[TRY IT]: Would you reproduce exactly the lines below from the one holding "x) - PI end" through the one holding "match m with", inclusive, and no others?

+--

Definition Cx : Type := (R * R)%type.
Definition Re (z : Cx) : R := fst z.
Definition Im (z : Cx) : R := snd z.
Definition RtoC (x : R) : Cx := (x, 0).
Definition Cadd (z w : Cx) : Cx := (Re z + Re w, Im z + Im w).
Definition Copp (z : Cx) : Cx := (- Re z, - Im z).
Definition Csub (z w : Cx) : Cx := Cadd z (Copp w).
Definition Cmul (z w : Cx) : Cx :=
  (Re z * Re w - Im z * Im w, Re z * Im w + Im z * Re w).
Definition Cinv (z : Cx) : Cx :=
  (Re z / (Re z ^ 2 + Im z ^ 2), - Im z / (Re z ^ 2 + Im z ^ 2)).
Definition Cdiv (z w : Cx) : Cx := Cmul z (Cinv w).
Definition Cnorm (z : Cx) : R := sqrt (Re z ^ 2 + Im z ^ 2).
Fixpoint Cpow (z : Cx) (n : nat) : Cx :=
  match n with O => RtoC 1 | S m => Cmul z (Cpow z m) end.
Definition Cexp (z : Cx) : Cx := (exp (Re z) * cos (Im z), exp (Re z) * sin (Im z)).
(** principal argument, in (-PI, PI] *)
Definition Carg (z : Cx) : R :=
  let x := Re z in let y := Im z in
  match Rlt_dec 0 x with
  | left _ => atan (y / x)
  | right _ =>
    match Rlt_dec x 0 with
    | left _ => match Rle_dec 0 y with
                | left _ => atan (y / x) + PI
                | right _ => atan (y / x) - PI end
    | right _ =>
      match Rlt_dec 0 y with
      | left _ => PI / 2
      | right _ => match Rlt_dec y 0 with left _ => - (PI / 2) | right _ => 0 end
      end
    end
  end.
Definition Clog (z : Cx) : Cx := (ln (Cnorm z), Carg z).

Fixpoint Cpartial (f : nat -> Cx) (m : nat) : Cx :=
  match m with O => f O | S k => Cadd (Cpartial f k) (f (S k)) end.
Definition Cseries_cv (f : nat -> Cx) (l : Cx) : Prop :=
  Un_cv (fun m => Re (Cpartial f m)) (Re l) /\ Un_cv (fun m => Im (Cpartial f m)) (Im l).
(** value of a convergent series (sum_{n>=0} f n); chosen by epsilon, 0 if divergent *)
Definition Cseries (f : nat -> Cx) : Cx :=
  epsilon (inhabits (RtoC 0)) (fun l => Cseries_cv f l).

Definition Li (s : Z) (u : Cx) : Cx :=
  Cseries (fun n => Cmul (Cpow u (S n)) (RtoC (powerRZ (INR (S n)) (- s)))).

(** chi(w,t) = sum_{r>=1} e^{-rw} / (r (e^{rw/t} - 1)) *)
Definition chi (w : Cx) (t : R) : Cx :=
  Cseries (fun n =>
    let r := INR (S n) in
    Cdiv (Cexp (Cmul (RtoC (- r)) w))
         (Cmul (RtoC r) (Csub (Cexp (Cmul (RtoC (r / t)) w)) (RtoC 1)))).

(** Bernoulli numbers, z/(e^z-1) = sum B_n z^n/n!  (so B_1 = -1/2), via the
    equivalent standard recurrence  sum_{k=0}^{m} C(m+1,k) B_k = 0 (m>=1), B_0 = 1.
    bern_list n = [B_0; ...; B_n]. *)
Fixpoint bern_list (n : nat) : list R :=
  match n with
  | O => 1 :: nil
  | S k =>
    let l := bern_list k in
    let m := S k in
    l ++ (- / INR (m + 1) *
          fold_right Rplus 0 (map (fun j => C (m + 1) j * nth j l 0) (seq 0 m))) :: nil
  end.
Definition bernoulli (n : nat) : R := nth n (bern_list n) 0.

Definition prop24_rhs (L N : nat) (z : Cx) : Cx :=
  Cadd (Cadd (Cmul (Cdiv (RtoC (INR N)) z) (Li 2 (Cexp z)))
             (Cmul (RtoC (- / 2)) (Clog (Csub (RtoC 1) (Cexp z)))))
       (fold_right Cadd (RtoC 0)
          (map (fun l => Cmul (RtoC (bernoulli l / INR (fact l)))
                              (Cmul (Cpow (Cdiv z (RtoC (INR N))) (l - 1))
                                    (Li (2 - Z.of_nat l) (Cexp z))))
               (seq 2 (L - 1)))).

(* For r >= 1 put y = r z / N; the r-th term of chi(-z, N) is e^(rz) / (r (e^(-y) - 1)).
   Write 1 / (e^y - 1) = Q_L(y) / y + R_L(y), with Q_L the degree-L truncation of the
   generating function y / (e^y - 1) = sum B_n y^n / n!.  Summed over r, the Q_L part of
   - chi(-z, N) is exactly N/z Li_2(e^z) + 1/2 Li_1(e^z) + sum_l B_l / l! (z/N)^(l-1) Li_(2-l)(e^z), and
   Li_1(e^z) = - log (1 - e^z).  On a sector |y| <= m (- Re y), which contains every r z / N,
   one has |R_L(y)| <= A |y|^L (from the Taylor remainder of e^y for small y and crude
   bounds for large y), so the error is at most A (|z| / N)^L sum_r r^(L-1) e^(r Re z). *)

From Pilot Require Import Defs.
From Stdlib Require Import Reals Lra Lia List ZArith Factorial ClassicalEpsilon.
From Coquelicot Require Import Coquelicot.
Open Scope R_scope.

(** * Finite sums *)

Fixpoint csum (f : nat -> C) (n : nat) : C :=
  match n with O => RtoC 0 | S k => (csum f k + f k)%C end.
Fixpoint rsum (f : nat -> R) (n : nat) : R :=
  match n with O => 0 | S k => rsum f k + f k end.

Lemma csum_ext f g n : (forall k, (k < n)%nat -> f k = g k) -> csum f n = csum g n.
Proof. induction n; intros H; simpl; auto. rewrite IHn, H; auto. Qed.
Lemma rsum_ext f g n : (forall k, (k < n)%nat -> f k = g k) -> rsum f n = rsum g n.
Proof. induction n; intros H; simpl; auto. rewrite IHn, H; auto. Qed.
Lemma csum_0 f n : (forall k, (k < n)%nat -> f k = RtoC 0) -> csum f n = RtoC 0.
Proof. induction n; intros H; simpl; auto. rewrite IHn, H by auto. ring. Qed.
Lemma csum_recl f n : csum f (S n) = (f 0%nat + csum (fun k => f (S k)) n)%C.
Proof. induction n; simpl in *. ring. rewrite IHn. ring. Qed.
Lemma rsum_recl f n : rsum f (S n) = f 0%nat + rsum (fun k => f (S k)) n.
Proof. induction n; simpl in *. ring. rewrite IHn. ring. Qed.
Lemma csumZ c f n : csum (fun i => c * f i)%C n = (c * csum f n)%C.
Proof. induction n; simpl. ring. rewrite IHn. ring. Qed.
Lemma csumZr c f n : csum (fun i => f i * c)%C n = (csum f n * c)%C.
Proof. induction n; simpl. ring. rewrite IHn. ring. Qed.
Lemma rsumZr c f n : rsum (fun i => f i * c) n = rsum f n * c.
Proof. induction n; simpl. ring. rewrite IHn. ring. Qed.
Lemma rsumZ c f n : rsum (fun i => c * f i) n = c * rsum f n.
Proof. induction n; simpl. ring. rewrite IHn. ring. Qed.
Lemma csumD f g n : csum (fun i => f i + g i)%C n = (csum f n + csum g n)%C.
Proof. induction n; simpl. ring. rewrite IHn. ring. Qed.
Lemma csumB f g n : csum (fun i => f i - g i)%C n = (csum f n - csum g n)%C.
Proof. induction n; simpl. ring. rewrite IHn. ring. Qed.
Lemma csumN f n : csum (fun i => - f i)%C n = (- csum f n)%C.
Proof. induction n; simpl. ring. rewrite IHn. ring. Qed.
Lemma csum_RtoC f n : csum (fun k => RtoC (f k)) n = RtoC (rsum f n).
Proof. induction n; simpl; auto. rewrite IHn, RtoC_plus. reflexivity. Qed.
Lemma fst_csum f n : fst (csum f n) = rsum (fun k => fst (f k)) n.
Proof. induction n; simpl; auto. rewrite IHn; auto. Qed.
Lemma snd_csum f n : snd (csum f n) = rsum (fun k => snd (f k)) n.
Proof. induction n; simpl; auto. rewrite IHn; auto. Qed.
Lemma rsum_le f g n : (forall k, (k < n)%nat -> f k <= g k) -> rsum f n <= rsum g n.
Proof.
  induction n; intros H; simpl. lra.
  pose proof (H n (Nat.lt_succ_diag_r n)).
  assert (rsum f n <= rsum g n) by (apply IHn; intros; apply H; lia). lra.
Qed.
Lemma rsum_ge0 f n : (forall k, (k < n)%nat -> 0 <= f k) -> 0 <= rsum f n.
Proof.
  intros H. replace 0 with (rsum (fun _ => 0) n) by (clear H; induction n; simpl; lra).
  apply rsum_le; auto.
Qed.
Lemma Cmod_csum_le f n : Cmod (csum f n) <= rsum (fun k => Cmod (f k)) n.
Proof.
  induction n; simpl. rewrite Cmod_0; lra.
  eapply Rle_trans. apply Cmod_triangle. lra.
Qed.

Lemma fold_right_map_seq_C (f : nat -> C) s n :
  fold_right Cadd (Defs.RtoC 0) (map f (seq s n)) = csum (fun i => f (s + i)%nat) n.
Proof.
  revert s; induction n; intros s. reflexivity.
  cbn [seq map fold_right]. rewrite IHn, csum_recl, Nat.add_0_r.
  rewrite (csum_ext (fun i => f (S s + i)%nat) (fun k => f (s + S k)%nat))
    by (intros; f_equal; lia).
  reflexivity.
Qed.

Lemma fold_right_map_seq_R (f : nat -> R) s n :
  fold_right Rplus 0 (map f (seq s n)) = rsum (fun i => f (s + i)%nat) n.
Proof.
  revert s; induction n; intros s. reflexivity.
  cbn [seq map fold_right]. rewrite IHn, rsum_recl, Nat.add_0_r. f_equal.
  apply rsum_ext; intros; f_equal; lia.
Qed.

(** * The complex exponential *)

(* [Defs.Cexp] has codomain [Cx]; [ring] and [field] only recognise the type [C]. *)
Definition cexp (z : C) : C := Cexp z.

Lemma cexp_add a b : cexp (a + b)%C = (cexp a * cexp b)%C.
Proof.
  destruct a as [a1 a2], b as [b1 b2]; unfold cexp, Cexp, Defs.Re, Defs.Im; simpl.
  rewrite exp_plus, cos_plus, sin_plus.
  apply injective_projections; simpl; ring.
Qed.

Lemma cexp_0 : cexp (RtoC 0) = RtoC 1.
Proof.
  unfold cexp, Cexp, Defs.Re, Defs.Im; simpl. rewrite exp_0, cos_0, sin_0.
  apply injective_projections; simpl; ring.
Qed.

Lemma cexp_oppK a : (cexp (- a) * cexp a)%C = RtoC 1.
Proof. rewrite <- cexp_add, <- cexp_0. f_equal. ring. Qed.

Lemma cexp_neq0 a : cexp a <> RtoC 0.
Proof.
  intros H. pose proof (cexp_oppK a) as H1. rewrite H, Cmult_0_r in H1.
  apply C1_nz. auto.
Qed.

Lemma cexp_opp a : cexp (- a)%C = (/ cexp a)%C.
Proof.
  pose proof (cexp_neq0 a).
  replace (cexp (- a)) with (cexp (- a) * cexp a * / cexp a)%C by (field; auto).
  rewrite cexp_oppK. apply Cmult_1_l.
Qed.

Lemma Cmod_cexp a : Cmod (cexp a) = exp (Re a).
Proof.
  destruct a as [a1 a2]; unfold Cmod, cexp, Cexp, Defs.Re, Defs.Im; simpl.
  replace (_ * _ + _) with (exp a1 * exp a1)
    by (pose proof (sin2_cos2 a2) as H; unfold Rsqr in H; nra).
  apply sqrt_square. left; apply exp_pos.
Qed.

Lemma Cpow_cexp a n : Cpow (cexp a) n = cexp (RtoC (INR n) * a)%C.
Proof.
  induction n; simpl Cpow.
  - rewrite <- cexp_0. f_equal. simpl. ring.
  - rewrite IHn, <- cexp_add. f_equal. rewrite S_INR, RtoC_plus. ring.
Qed.

Lemma cexp_sub1_neq0 y : Re y <> 0 -> (cexp y - 1)%C <> RtoC 0.
Proof.
  intros Hy E. assert (E1 : cexp y = RtoC 1).
  { replace (cexp y) with ((cexp y - 1) + 1)%C by ring. rewrite E. ring. }
  apply (f_equal Cmod) in E1. rewrite Cmod_cexp, Cmod_1, <- exp_0 in E1.
  apply exp_inv in E1. auto.
Qed.

Lemma exp_le_mono x y : x <= y -> exp x <= exp y.
Proof. intros [H|H]. left; apply exp_increasing; auto. subst; lra. Qed.

(** * Derivatives of complex-valued functions of a real variable *)

Lemma MVT_abs_le (f df : R -> R) a b B : a <= b ->
  (forall x, a <= x <= b -> is_derive f x (df x)) ->
  (forall x, a <= x <= b -> Rabs (df x) <= B) -> Rabs (f b - f a) <= B * (b - a).
Proof.
  intros Hab Hd HB.
  destruct (MVT_gen f a b df) as [c [Hc Heq]];
    rewrite ?Rmin_left, ?Rmax_right in * by lra.
  - intros x Hx. apply Hd; lra.
  - intros x Hx. apply continuity_pt_filterlim, (ex_derive_continuous f).
    eexists; apply Hd; lra.
  - rewrite Heq, Rabs_mult, (Rabs_pos_eq (b - a)) by lra.
    apply Rmult_le_compat_r. lra. apply HB; lra.
Qed.

Definition Cderive (f : R -> C) (t : R) (d : C) :=
  is_derive (fun s => fst (f s)) t (fst d) /\ is_derive (fun s => snd (f s)) t (snd d).

Lemma Cderive_minus f g t df dg :
  Cderive f t df -> Cderive g t dg -> Cderive (fun s => f s - g s)%C t (df - dg)%C.
Proof.
  intros [H1 H2] [H3 H4]; split; simpl.
  - apply (is_derive_minus (fun s => fst (f s)) (fun s => fst (g s))); auto.
  - apply (is_derive_minus (fun s => snd (f s)) (fun s => snd (g s))); auto.
Qed.

Lemma Cderive_plus f g t df dg :
  Cderive f t df -> Cderive g t dg -> Cderive (fun s => f s + g s)%C t (df + dg)%C.
Proof.
  intros [H1 H2] [H3 H4]; split; simpl.
  - apply (is_derive_plus (fun s => fst (f s)) (fun s => fst (g s))); auto.
  - apply (is_derive_plus (fun s => snd (f s)) (fun s => snd (g s))); auto.
Qed.

Lemma Cderive_cexp (y : C) t : Cderive (fun s => cexp (RtoC s * y)) t (y * cexp (RtoC t * y))%C.
Proof.
  destruct y as [a b]. unfold cexp, Cexp, Defs.Re, Defs.Im. split; simpl.
  - apply is_derive_ext with (fun s => exp (s * a) * cos (s * b)).
    { intros s; simpl; rewrite !Rmult_0_l, Rminus_0_r, Rplus_0_r; reflexivity. }
    rewrite !Rmult_0_l, Rminus_0_r, Rplus_0_r. auto_derive; auto. ring.
  - apply is_derive_ext with (fun s => exp (s * a) * sin (s * b)).
    { intros s; simpl; rewrite !Rmult_0_l, Rminus_0_r, Rplus_0_r; reflexivity. }
    rewrite !Rmult_0_l, Rminus_0_r, Rplus_0_r. auto_derive; auto. ring.
Qed.

Lemma is_derive_rsum_pow (c : nat -> R) n t :
  is_derive (fun s => rsum (fun k => s ^ k * c k) n) t
            (rsum (fun k => INR k * t ^ (pred k) * c k) n).
Proof.
  induction n; simpl. auto_derive; auto.
  apply (is_derive_plus (fun s => rsum (fun k => s ^ k * c k) n) (fun s => s ^ n * c n)).
  auto. auto_derive. auto. ring.
Qed.

Lemma Cderive_poly (c : nat -> C) n t :
  Cderive (fun s => csum (fun k => RtoC (s ^ k) * c k) n)%C t
          (csum (fun k => RtoC (INR k * t ^ (pred k)) * c k) n)%C.
Proof.
  split; [ apply is_derive_ext with (fun s => rsum (fun k => s ^ k * fst (c k)) n)
         | apply is_derive_ext with (fun s => rsum (fun k => s ^ k * snd (c k)) n) ];
    try (intros s; rewrite ?fst_csum, ?snd_csum; apply rsum_ext; intros; simpl; ring);
    rewrite ?fst_csum, ?snd_csum;
    erewrite rsum_ext; try apply is_derive_rsum_pow; intros; simpl; ring.
Qed.

Lemma Cmod_le_abs_fst_snd (z : C) : Cmod z <= Rabs (fst z) + Rabs (snd z).
Proof.
  destruct z as [a b]; unfold Cmod; simpl.
  pose proof (Rabs_pos a); pose proof (Rabs_pos b).
  pose proof (Rsqr_abs a) as Ha; pose proof (Rsqr_abs b) as Hb. unfold Rsqr in Ha, Hb.
  apply Rsqr_incr_0_var; [ rewrite Rsqr_sqrt; unfold Rsqr; nra | lra ].
Qed.

(* Applied componentwise, hence the factor 2. *)
Lemma Cmod_MVT_le (f df : R -> C) t B : 0 <= t ->
  (forall s, 0 <= s <= t -> Cderive f s (df s)) ->
  (forall s, 0 <= s <= t -> Cmod (df s) <= B) -> Cmod (f t - f 0)%C <= 2 * B * t.
Proof.
  intros Ht Hd HB. eapply Rle_trans. apply Cmod_le_abs_fst_snd.
  assert (Rabs (fst (f t) - fst (f 0)) <= B * (t - 0)).
  { apply (MVT_abs_le (fun s => fst (f s)) (fun s => fst (df s))). lra.
    - intros; apply Hd; lra.
    - intros x Hx. eapply Rle_trans. 2: apply (HB x Hx).
      eapply Rle_trans. 2: apply Rmax_Cmod. apply Rmax_l. }
  assert (Rabs (snd (f t) - snd (f 0)) <= B * (t - 0)).
  { apply (MVT_abs_le (fun s => snd (f s)) (fun s => snd (df s))). lra.
    - intros; apply Hd; lra.
    - intros x Hx. eapply Rle_trans. 2: apply (HB x Hx).
      eapply Rle_trans. 2: apply Rmax_Cmod. apply Rmax_r. }
  replace (fst (f t - f 0)%C) with (fst (f t) - fst (f 0)) by (simpl; ring).
  replace (snd (f t - f 0)%C) with (snd (f t) - snd (f 0)) by (simpl; ring).
  lra.
Qed.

+--

[REPLY TO THE EXERCISE]:
                | right _ => atan (y / x) - PI end
    | right _ =>
      match Rlt_dec 0 y with
      | left _ => PI / 2
      | right _ => match Rlt_dec y 0 with left _ => - (PI / 2) | right _ => 0 end
      end
    end
  end.
Definition Clog (z : Cx) : Cx := (ln (Cnorm z), Carg z).

Fixpoint Cpartial (f : nat -> Cx) (m : nat) : Cx :=
  match m with O => f O | S k => Cadd (Cpartial f k) (f (S k)) end.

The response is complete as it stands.